* _DIRECTIONS FOR THIS TASK_
Could you print, exactly as they stand, the lines from the one holding "Variables n p : nat." to the end of the data below, and nothing more?

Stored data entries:
+ + +
(* Fix $n\ge2$. There exists a sequence $\{(\mathcal{F}_k,M_k)\}_{k\ge0}$ where each $\mathcal{F}_k$ is a simplicial polyhedral fan in $\mathbb{R}^n$ based on the columns of a real matrix $M_k$ with $n$ rows, such that $$\operatorname{diam}\bigl(\mathcal{G}(\mathcal{F}_k)\bigr)=2^{k+1}-1=2\left(\frac{\Delta(M_k)}{\Delta_{\min}(\mathcal{F}_k,M_k)}\right)^{1/\log_2 n}-1.$$
   Context: A polyhedral fan in $\mathbb{R}^n$ is a family $\mathcal{F}$ of polyhedral cones such that every face of a member is a member, the intersection of any two members is a common face of both, and there are no inclusion-maximal members of dimension less than $n$. It is simplicial if each $n$-dimensional member is a simplicial cone. It is based on the columns of $M\in\mathbb{R}^{n\times p}$ if each member is $\operatorname{cone}(M_{*\mathcal{F}})$ for some set $\mathcal{F}$ of column indices. $\Gamma_n(\mathcal{F})$ denotes the set of $n$-dimensional members. The graph $\mathcal{G}(\mathcal{F})$ has vertex set $\Gamma_n(\mathcal{F})$ and an edge between $\mathcal{F}_1,\mathcal{F}_2$ iff $\dim(\mathcal{F}_1\cap\mathcal{F}_2)=n-1$. For a simplicial fan, $\Delta_{\min}(\mathcal{F},M)=\min_{\mathcal{F}\in\Gamma_n(\mathcal{F})}|\det M_{*\mathcal{F}}|$, where $\mathcal{F}$ is the set of $n$ column indices generating the cone. $\Delta(M)$ is the maximum absolute value of $n\times n$ minors of $M$. *)

From HB Require Import structures.
From mathcomp Require Import all_boot all_order all_algebra.
From mathcomp Require Import boolp reals exp.
Set Implicit Arguments. Unset Strict Implicit. Unset Printing Implicit Defensive.
Import Order.TTheory GRing.Theory Num.Theory.
Local Open Scope ring_scope.

Section Fans.
Variable R : realType.
Variables n p : nat.

Definition vset := 'cV[R]_n -> Prop.

Definition mcone (M : 'M[R]_(n, p)) (S : {set 'I_p}) : vset :=
  fun x => exists lam : 'cV[R]_p,
    (forall j, 0 <= lam j 0) /\ (forall j, j \notin S -> lam j 0 = 0) /\ x = M *m lam.

Definition vsubset (X Y : vset) := forall x, X x -> Y x.
Definition vinter (X Y : vset) : vset := fun x => X x /\ Y x.
Definition veq (X Y : vset) := forall x, X x <-> Y x.

Definition is_face (F C : vset) :=
  exists c : 'cV[R]_n, (forall y, C y -> 0 <= (c^T *m y) 0 0) /\
    veq F (fun x => C x /\ (c^T *m x) 0 0 = 0).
+ + +
* _RESULT FOR THIS EXERCISE_
Variables n p : nat.

Definition vset := 'cV[R]_n -> Prop.

Definition mcone (M : 'M[R]_(n, p)) (S : {set 'I_p}) : vset :=
  fun x => exists lam : 'cV[R]_p,
    (forall j, 0 <= lam j 0) /\ (forall j, j \notin S -> lam j 0 = 0) /\ x = M *m lam.

Definition vsubset (X Y : vset) := forall x, X x -> Y x.
Definition vinter (X Y : vset) : vset := fun x => X x /\ Y x.
Definition veq (X Y : vset) := forall x, X x <-> Y x.

Definition is_face (F C : vset) :=
  exists c : 'cV[R]_n, (forall y, C y -> 0 <= (c^T *m y) 0 0) /\
    veq F (fun x => C x /\ (c^T *m x) 0 0 = 0).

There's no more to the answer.